The base requirement for a dredge to be used in quantitative surveys is that it can be assumed to cover a defined swept area with known capture efficiency on a consistent basis. If these requirements can be met then a simple division of the number of oysters captured by the area covered gives density (oysters per unit area). Multiply density by the spatial footprint of the habitat, correct for dredge efficiency (this is less than 100%) and a total stock is estimated. Over the past decade the science supporting swept area approaches has been intensively examined and refined by NEFSC NMFS-industry-academic collaborative efforts in support of the surf clam, ocean quahog and sea scallop fisheries. These studies highlight the limitations of gear that was initially employed as a qualitative rather than a quantitative sampling tool. The oyster dredge is such a piece of gear – the challenge in its operation is to sample consistently over non-uniform bottom. Potential problems include the following:
i. The dredge is towed by a flexible line of variable length with variable scope and “hinge points” at either the winch or the passage of the towline over the stern of the vessel. An additional hinge point is the attachment of the line to the dredge. The cumulative design in tow mode functions by alternately digging and releasing, hence the action of a towline over the stern of the vessel during dredging. As such the dredge scoops but does not plane, so it does not sample representatively over the course of a tow, especially when the tow path moves over varying bottom type as would be found on an oyster reef.

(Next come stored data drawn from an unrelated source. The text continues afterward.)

(* Let $n$ be a positive integer, let $\mathcal F$ be an $\mathcal N$-saturated family of subsets of $[n]$, and let $\mathcal G$ be a component of $\mathcal F$ with minimal elements $B_1,\dots,B_l$ and maximal elements $A_1,\dots,A_k$. Let $M\in\mathcal F$ satisfy $\bigcup_{j=1}^l B_j\subseteq M\subseteq\bigcap_{j=1}^k A_j$ and be minimal (with respect to inclusion) among sets of $\mathcal F$ with this property. Suppose $i\in[n]$, $i\notin M$ and $M\cup\{i\}\notin\mathcal F$. If $M\cup\{i\}$ is a maximal element of some induced copy of $\mathcal N$ in $\mathcal F\cup\{M\cup\{i\}\}$, then there exists an induced copy of $\mathcal N$ in $\mathcal F\cup\{M\cup\{i\}\}$ in which $M\cup\{i\}$ is the maximal element comparable to both minimal elements and $M$ is one of the minimal elements. Moreover, the number of $i\in[n]\setminus M$ such that $M\cup\{i\}\notin\mathcal F$ and $M\cup\{i\}$ is a maximal element of some induced copy of $\mathcal N$ in $\mathcal F\cup\{M\cup\{i\}\}$ is at most $|\mathcal F|-2$.
   Context: The poset $\mathcal N$ has four elements $a,b,c,d$ with $a<c$, $b<c$, $b<d$ and no other comparabilities (so $a,b$ are its minimal elements, $c,d$ its maximal elements; $c$ is the unique maximal element comparable to both minimal elements). A family $\mathcal Q$ of sets (ordered by inclusion) contains an induced copy of $\mathcal N$ if there are distinct sets in $\mathcal Q$ whose inclusion relations are exactly those of $a,b,c,d$ above. A family $\mathcal F$ of subsets of $[n]=\{1,\dots,n\}$ is $\mathcal N$-saturated if $\mathcal F$ contains no induced copy of $\mathcal N$, but for every $S\subseteq[n]$ with $S\notin\mathcal F$, the family $\mathcal F\cup\{S\}$ contains an induced copy of $\mathcal N$. A component of $\mathcal F$ is the vertex set of a connected component of the Hasse diagram (as a graph) of the poset $(\mathcal F\setminus\{\emptyset,[n]\},\subseteq)$; its minimal and maximal elements are taken with respect to inclusion within the component. *)

From mathcomp Require Import all_boot.
Set Implicit Arguments. Unset Strict Implicit. Unset Printing Implicit Defensive.

Section Defs.
Variable n : nat.
Notation S := {set 'I_n}.

(* (a,b,c,d) realise N exactly: a<c, b<c, b<d, and no other comparabilities.
   Distinctness of a,b,c,d follows from these conditions. *)
Definition is_N (a b c d : S) : bool :=
  [&& a \proper c, b \proper c, b \proper d,
      ~~ (a \subset b), ~~ (b \subset a),
      ~~ (c \subset d), ~~ (d \subset c),
      ~~ (a \subset d) & ~~ (d \subset a)].

Definition has_N (Q : {set S}) : Prop :=
  exists a b c d, [/\ a \in Q, b \in Q, c \in Q, d \in Q & is_N a b c d].

Definition N_saturated (F : {set S}) : Prop :=
  ~ has_N F /\ forall X : S, X \notin F -> has_N (X |: F).

Definition inner (F : {set S}) : {set S} := F :\: [set set0; setT].

Definition covers (F : {set S}) (X Y : S) : bool :=
  [&& X \in inner F, Y \in inner F, X \proper Y &
      [forall Z, ~~ [&& Z \in inner F, X \proper Z & Z \proper Y]]].

Definition hasse (F : {set S}) : rel S :=
  fun X Y => covers F X Y || covers F Y X.

Definition component (F G : {set S}) : Prop :=
  exists2 X, X \in inner F & G = [set Y in inner F | connect (hasse F) X Y].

ii. The dredge fills over the course of the tow to become a plough, after which it does not sample. Thus the only conditions under which a dredge can be used quantitatively are for very short tows (e.g., Powell et al. 2002 and current MD DNR swept area surveys with rejection/repeat of tows that are overflowing on retrieval).
iii. A dredge is size selective because it samples the surface more so than the underlying reef. If the Young of the Year (YOY, spat) are near the surface then the sampling is not representative. Bias in favor of live animals over shell has been noted by both Powell at al. (2002) and Mann et al. (2004).
iv. A single dredge will vary in efficiency depending on scope, speed of towing, vessel size and even vessel operator, in addition to state of and direction of the tide. With this combination of variables, caution must be exercised in transferring calculated efficiencies from one dredge/vessel/operator/location to another. These variables argue that any use of a dredge as a quantitative tool require that it be calibrated for each operator, vessel, bottom type, tidal stage and more. This important point is consistency to insure repeatable results.
v. Oyster dredges are less than 100% efficient in retention. There are no published depletion based efficiency estimates for oyster dredges. There are for surf clam and ocean quahog dredges (NEFSC-NMFS assessments), but the latter operate in uniform substrates and do not sample in an oscillatory manner when towed - they slide on wide runners and exhume the target species with hydraulic jets.
vi. A strong asset of dredges is that they can cover considerable area within a single tow, and thus integrate over that area. This is in stark contrast to the areal sampling problem presented by tongs (see Survey Design).